I’ve started in my own way learning about sites and places that connect you to retiring farmers. It’s a beautiful way of acquiring land as a young farmer. There is something beautiful and heartbreaking because it’s the reality of the American farmer: an aging population, and I think having/hearing that there is a place to go to look at farms and connect to older aging farmers, it makes it possibly accessible to acquire land and systems. I recently read the book “Farming while Black” by Leah Penniman from Soul Fire Farm. It was an incredibly informative book in the way that she broke down what are all the sources of where you can find land, places open to funding you. It was a tangible way of dipping your toe in and thinking this is a possibility and people actually do it. That’s really helpful.
WHAT IS YOUR OPINION/TAKE ON THE FARMER LUNCH? (DO YOU TAKE LUNCH, DO YOU SKIP LUNCH, DO YOU ENJOY TAKING LUNCH WITH YOUR CREW - FOR COMMUNITY BUILDING, IS THERE PRESSURE TO BE SOCIAL....)

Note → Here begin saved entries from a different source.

Lemma relabelling_bk_gword sigma (k : K) s : all (fun i => 0 < i < n)%N s ->
  relabelling sigma (b k * gword n q u t T s) = b (map_tuple sigma k) * gword n q u t T s.
Proof.
move=> s_ok; have [[f_t f_T] _] := relabellingP sigma.
have f_mul x y : relabelling sigma (x * y) = relabelling sigma x * relabelling sigma y :=
  rmorphM _ x y.
rewrite f_mul (relabel_bk f_t) invgK; congr (_ * _).
rewrite (big_morph _ f_mul (rmorph1 _)); apply: eq_big_seq => i s_i.
by rewrite (relabel_g f_t f_T) //; apply: (allP s_ok).
Qed.

End Action.

End ShojiAlgebra.

Theorem proposition5p1 (R : idomainType) (n r : nat) (q : R) (u : 'I_r -> R)
    (F : 'I_r -> {poly R}) (A : algType R) (t T : nat -> A) :
  (0 < n)%N -> (0 < r)%N ->
  q \is a GRing.unit -> Delta u \is a GRing.unit ->
  (forall c, (size (F c) <= r)%N) ->
  (forall c c', (F c).[u c'] = (c == c')%:R * Delta u) ->
  shoji_universal n q u F t T ->
  exists phi : 'S_r -> {lrmorphism A -> A},
    [/\ forall sigma, bijective (phi sigma),
        forall sigma (k : n.-tuple 'I_r) (w : 'S_n) (s : seq nat),
          reduced_expr s w ->
          phi sigma (bk u t k * gword n q u t T s)
            = bk u t (map_tuple sigma k) * gword n q u t T s,
        phi 1%g =1 id &
        forall sigma tau, phi (sigma * tau)%g =1 phi tau \o phi sigma].
Proof.
case: n => // n'; case: r u F => // r' u F _ _ q_unit Delta_unit _ F_node univ.
have rel := univ.1.
exists (relabelling q_unit Delta_unit F_node rel univ); split.
- exact: relabelling_bij.
- by move=> sigma k w s [[s_ok _] _]; apply: relabelling_bk_gword.
- exact: relabelling1.
- exact: relabellingM.
Qed.
(* Unlike the eigenvalues themselves, their ratio does not depend on the scalar
   normalisation of the lift rho g. *)
Definition eigen_ratio g (v0 v1 : 'cV[CC]_3) r :=
  exists x, rho g *m v0 = x *: v0 /\ rho g *m v1 = (r * x) *: v1.

Lemma eigen_ratio0 v0 v1 : eigen_ratio 0 v0 v1 1.
Proof.
have [k _ rho0_k] := rho0.
by exists k; rewrite rho0_k scalemx1 mul1r !mul_scalar_mx.
Qed.

Lemma eigen_ratio_add g h v0 v1 r r' :
  eigen_ratio g v0 v1 r -> eigen_ratio h v0 v1 r' -> eigen_ratio (g + h) v0 v1 (r * r').
Proof.
move=> [x [gv0 gv1]] [y [hv0 hv1]]; have [k _ rho_gh] := rho_add g h.
exists (k * (x * y)); rewrite rho_gh -!scalemxAl -!mulmxA hv0 hv1 -!scalemxAr gv0 gv1.
by rewrite !scalerA; split; congr (_ *: _); ring.
Qed.

Lemma eigen_ratio_mulrn g v0 v1 r k :
  eigen_ratio g v0 v1 r -> eigen_ratio (g *+ k) v0 v1 (r ^+ k).
Proof.
move=> ratio_g; elim: k => [|k IHk]; first exact: eigen_ratio0.
by rewrite mulrS exprS; apply: eigen_ratio_add.
Qed.

Hypothesis rho_free : free_outside_finite rho.

Lemma eigenvector_proportional g (u w : 'cV[CC]_3) t :
  g != 0 -> u != 0 -> rho g *m u = t *: u -> rho g *m w = t *: w ->
  exists k, w = k *: u.
Proof.
move=> g_neq0 u_neq0 gu gw; apply: NNPP => w_indep; have [S S_stab] := rho_free.
apply: (@proj_eq_pigeonhole _ _ S (fun i => u + i%:R *: w)) => [i j|i].
  exact: pencil_proj_inj.
apply: S_stab; first exact: pencil_neq0.
exists g => //; exists t.
by rewrite mulmxDr -scalemxAr gu gw scalerDr !scalerA mulrC.
Qed.

Lemma rho_nonscalar g l : g != 0 -> rho g != l%:M.
Proof.
move=> g_neq0; apply/eqP => rho_l.
pose e i : 'cV[CC]_3 := delta_mx i 0.
have e_eigen i : rho g *m e i = l *: e i by rewrite rho_l mul_scalar_mx.
have e_neq0 i : e i != 0.
  by apply/eqP => /matrixP/(_ i 0)/eqP; rewrite !mxE !eqxx oner_eq0.
have [k /matrixP/(_ 1 0)/eqP] :=
  eigenvector_proportional g_neq0 (e_neq0 0) (e_eigen 0) (e_eigen 1).
by rewrite !mxE /= mulr0 oner_eq0.
Qed.

Lemma eigen_ratio_neq1 g v0 v1 :
  g != 0 -> v0 != 0 -> ~ (exists k, v1 = k *: v0) -> ~ eigen_ratio g v0 v1 1.
Proof.
move=> g_neq0 v0_neq0 v1_indep [x [gv0 gv1]]; apply: v1_indep.
by apply: eigenvector_proportional g_neq0 v0_neq0 gv0 _; rewrite gv1 mul1r.
Qed.

Lemma commuting_eigenvector g h (v : 'cV[CC]_3) l :
  g != 0 -> v != 0 -> rho g *m rho h = rho h *m rho g -> rho g *m v = l *: v ->
  exists b, rho h *m v = b *: v.
Proof.
move=> g_neq0 v_neq0 gh gv; apply: (eigenvector_proportional g_neq0 v_neq0 gv).
by rewrite mulmxA gh -mulmxA gv scalemxAr.
Qed.

Lemma lifts_noncommuting : rho e1 *m rho e2 != rho e2 *m rho e1.
Proof.
apply/eqP => comm.
have [a a_neq0 A3] := rho_cube_scalar e1.
have [l [zeta [v0 [v1 [prim_zeta l_neq0 [v0_neq0 Av0] [v1_neq0 Av1]]]]]] :=
  cube_scalar_two_eigenvalues A3 a_neq0 (fun l => rho_nonscalar l (isT : e1 != 0)).
have zeta_l : l != zeta * l.
  rewrite -{1}[l]mul1r (inj_eq (mulIf l_neq0)) -(expr0 zeta) -{2}(expr1 zeta).
  by rewrite (eq_prim_root_expr prim_zeta).
have v1_indep := eigenvectors_not_proportional Av0 Av1 v1_neq0 zeta_l.
have [b0 Bv0] := commuting_eigenvector (isT : e1 != 0) v0_neq0 comm Av0.
have [b1 Bv1] := commuting_eigenvector (isT : e1 != 0) v1_neq0 comm Av1.
have [b b_neq0 B3] := rho_cube_scalar e2.
have cube bi (v : 'cV_3) : v != 0 -> rho e2 *m v = bi *: v -> bi ^+ 3 = b.
  move=> v_neq0 Bv; apply: (scalev_inj v_neq0).
  by rewrite -(eigenvector_exp 3 Bv) B3 mul_scalar_mx.
have b0_neq0 : b0 != 0.
  by apply: contra_eq_neq (cube _ _ v0_neq0 Bv0) => ->; rewrite expr0n eq_sym.
have q3 : (b1 / b0) ^+ 3 = 1.
  by rewrite exprMn exprVn (cube _ _ v0_neq0 Bv0) (cube _ _ v1_neq0 Bv1) mulfV.
have [j b1_def] := prim_rootP prim_zeta q3.
have ratio1 : eigen_ratio e1 v0 v1 zeta by exists l.
have ratio2 : eigen_ratio e2 v0 v1 (zeta ^+ j) by exists b0; rewrite -b1_def divfK.
(* The ratio is trivial on the nonzero element e1 *+ (3 - j) + e2. *)
have := eigen_ratio_add (eigen_ratio_mulrn (3 - j) ratio1) ratio2.
rewrite -exprD subnK ?(prim_expr_order prim_zeta); last exact: ltnW.
apply: eigen_ratio_neq1 v0_neq0 v1_indep.
by move: (nat_of_ord j) (ltn_ord j) => [|[|[|]]].
Qed.

End ProjectiveAction.

Theorem lemma5p5 (rho : G -> 'M[CC]_3) :
  proj_action rho -> free_outside_finite rho ->
  exists (g1 g2 : G) (A : 'M[CC]_3) (w : CC),
    [/\ generates g1 g2, A \in unitmx, w ^+ 3 = 1, w != 1
      & proj_eq (A *m rho g1 *m invmx A) (diag_w w) /\
        proj_eq (A *m rho g2 *m invmx A) cyc_perm].
Proof.
move=> rho_act rho_free.
have [c c_neq0 R12] := rho_commute rho_act e1 e2.
have c3 := skew_commute_unity_root (rho_unit rho_act e1) (rho_unit rho_act e2) R12.
have c_neq1 : c != 1.
  by apply: contra_neq (lifts_noncommuting rho_act rho_free) => c1; rewrite R12 c1 scale1r.
have prim_c := prime_prim_root (isT : prime 3) c3 c_neq1.
have [a a_neq0 R2_3] := rho_cube_scalar rho_act e2.
have [P P_unit [R1P R2P]] :=
  heisenberg_normal_form (rho_unit rho_act e1) R12 prim_c R2_3 a_neq0.
exists e1, e2, (invmx P), (c ^+ 2); split.
- exact: generates_e1e2.
- by rewrite unitmx_inv.
- by rewrite exprAC (prim_expr_order prim_c) expr1n.
- by rewrite -(expr0 c) (eq_prim_root_expr prim_c).
- by split; apply: proj_eq_conj.
Qed.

I love lunch. I always really enjoy taking lunch with my farm crew. For us on harvest days we had this mentality where if it’s harvest day, come in with a big belly of breakfast because we will power through and eat lunch when we’re done. Some days we would eat lunch at 2; some days we would eat lunch at 4. It was this collective building and celebration of lunch, like, Yes! We earned this.
Our lunch was really social, but sometimes I wished I could sit in a corner and read and eat my lunch.